Over and above, segregation, an evil that had to be eradicated compulsorily, was still highly practiced in schools and black students still suffer the unfortunate fate of the same. For example, many southern black schools lack basic school necessities like libraries, running water and electricity due to lack of funding. There was no guidance provided by the Supreme Court on how to implement desegregation, further discussions, however, arrived at a decision that tasked local federal judges with the supervision of school desegregation on a racially nondiscriminatory basis with all deliberate speed (Muller 2011). This came to be known as brown II, which was the plan of the Supreme Court published a year later after the Brown’s decision.
Although Clayborn Carson is right on many counts, I strongly disagree with his opinion that the Brown case did not work. This is because many African Americans are now able to apply and get into colleges of their own choice, something that did not happen before the browns’ case. Moreover, today white and black students can study together peacefully, as compared to the previous times when whites did not get along with the blacks completely. Students feel more secure and less threatened by coming together regardless of their race. Where there is still room for more improvements in the struggle for desegregation, I acknowledge that the Brown’s case did bring change.

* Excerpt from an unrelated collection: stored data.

(* Let $d\ge 3$, let $K$ be an algebraically closed field of characteristic $p$ with $p=0$ or $p>d$, let $X_d\subset\mathbb{P}^3(K)$ be a smooth surface of degree $d$, and let $L\subset X_d$ be a line. Then the set $$\{P\in L:\ \mathbb{T}_PX_d\cap V_P \text{ does not consist of two distinct lines}\}$$ is finite.
   Context: Let $f$ be a homogeneous defining polynomial of $X_d$. For $P=(p_0:\dots:p_3)$ and $j=1,2$ put $\mathfrak t_P^{(j)}(z):=\sum_{0\le i_1,\dots,i_j\le 3}\frac{\partial^j f}{\partial w_{i_1}\cdots\partial w_{i_j}}(p_0,\dots,p_3)\,z_{i_1}\cdots z_{i_j}$. Then $\mathbb{T}_PX_d=V(\mathfrak t_P^{(1)})\subset\mathbb{P}^3$ is the projective tangent plane of $X_d$ at $P$, and $V_P=V(\mathfrak t_P^{(2)})\subset\mathbb{P}^3$ is the Hessian quadric of $X_d$ at $P$; the intersection is taken set-theoretically. *)

(* Quartic-variable homogeneous forms over a field K are
   represented by their coefficient functions on exponent vectors. *)
From HB Require Import structures.
From mathcomp Require Import all_boot all_order all_algebra.
Set Implicit Arguments. Unset Strict Implicit. Unset Printing Implicit Defensive.
Import Order.TTheory GRing.Theory Num.Theory.
Local Open Scope ring_scope.

(* exponent vectors (w_0^e0 w_1^e1 w_2^e2 w_3^e3) with each e_i <= d *)
Notation monom d := {ffun 'I_4 -> 'I_d.+1}.

Section Forms.
Variable K : fieldType.

Definition mon_eval (e : 'I_4 -> nat) (z : 'rV[K]_4) : K :=
  \prod_(i < 4) z 0 i ^+ e i.

(* formal iterated partial derivative d/dw_{k1} ... d/dw_{kn} of the
   monomial e, evaluated at z *)
Fixpoint dmon (ks : seq 'I_4) (e : 'I_4 -> nat) (z : 'rV[K]_4) : K :=
  match ks with
  | [::] => mon_eval e z
  | i :: ks' => (e i)%:R * dmon ks' (fun j => if j == i then (e j).-1 else e j) z
  end.

Definition is_homog (d : nat) (c : monom d -> K) : Prop :=
  forall e : monom d, (\sum_(i < 4) (e i : nat))%N != d -> c e = 0.

Definition dform (d : nat) (ks : seq 'I_4) (c : monom d -> K) (z : 'rV[K]_4) : K :=
  \sum_(e : monom d) c e * dmon ks (fun i => (e i : nat)) z.

Definition form_eval (d : nat) (c : monom d -> K) (z : 'rV[K]_4) : K :=
  dform [::] c z.

Definition smooth_form (d : nat) (c : monom d -> K) : Prop :=
  forall z : 'rV[K]_4, z != 0 ->
    ~ (form_eval c z = 0 /\ forall i : 'I_4, dform [:: i] c z = 0).
Lemma sum_triple (x y z : point) : [&& x != y, x != z & y != z] ->
  \sum_(u in [set x; y; z]) u = x + y + z.
Proof.
case/and3P=> xy xz yz; rewrite set3E big_setU1 ?inE ?negb_or ?xy ?xz //=.
by rewrite sum_pair // addrA.
Qed.

Lemma line3E (x y z : point) :
  is_line [set x; y; z] = [&& x != y, x != z, y != z & x + y + z == 0].
Proof.
rewrite /is_line card_set3 -!andbA.
apply: andb_id2l => xy; apply: andb_id2l => xz; apply: andb_id2l => yz.
apply/existsP/idP => [|sum0]; last first.
  by exists x; apply/existsP; exists y; apply/existsP; exists z; rewrite eqxx.
case=> x' /existsP[y' /existsP[z' /andP[/eqP E sum0]]].
have distinct' : [&& x' != y', x' != z' & y' != z'].
  by rewrite -card_set3 -E card_set3 xy xz.
by rewrite -sum_triple ?xy ?xz // E sum_triple.
Qed.

(* A point p completes a line with two distinct points x, y iff
   p = -(x + y); the three points are then automatically distinct. *)
Lemma line_pairE (p x y : point) :
  x != y -> is_line (p |: [set x; y]) = (third [set x; y] == p).
Proof.
move=> xy; rewrite -set3E line3E third_pair // [- _ == p]eq_sym -addr_eq0 addrA.
case: (eqVneq (p + x + y) 0) => [sum0|]; rewrite ?andbF // xy !andbT.
apply/andP; split.
  apply: contra_neq xy => px.
  by move/eqP: sum0; rewrite px double_point addrC subr_eq0 eq_sym => /eqP.
apply: contra_neq xy => py.
by move/eqP: sum0; rewrite py addrAC double_point addrC subr_eq0 => /eqP.
Qed.

Definition pairs (D : {set point}) : {set {set point}} :=
  [set P : {set point} | P \subset D & #|P| == 2%N].

Lemma pairsP (D : {set point}) (P : {set point}) :
  P \in pairs D -> exists x y, [/\ x != y, P = [set x; y], x \in D & y \in D].
Proof.
rewrite inE => /andP[PD /cards2P[x [y [xy defP]]]]; exists x, y; split=> //.
  by apply: (subsetP PD); rewrite defP set21.
by apply: (subsetP PD); rewrite defP set22.
Qed.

Brown’s decision greatly shaped the trajectory of African American history. Although it would take many more years for the desegregation of the public school system to be attained, the Brown’s decision was responsible for getting the process underway. It was truly significant, seeing as it overturned the separate but equal doctrine as established by the Plessy decision; moreover, the decision energized the Civil Rights Movement in the 1950s and in the 1960s. Nevertheless, years later after the browns’ decisions, quite a good number of black American students still attend schools that are predominantly black, with limited opportunities for academic advancement compared to the predominantly white schools. However, it is important to recognize that education is the basic requirement of any child regardless of their race, and as such, the government has played its role relative to the provision of equal opportunities to every student.
Reference
Muller, G. H. (2011). The McGraw-Hill reader: Issues across the disciplines . New York: McGraw-Hill.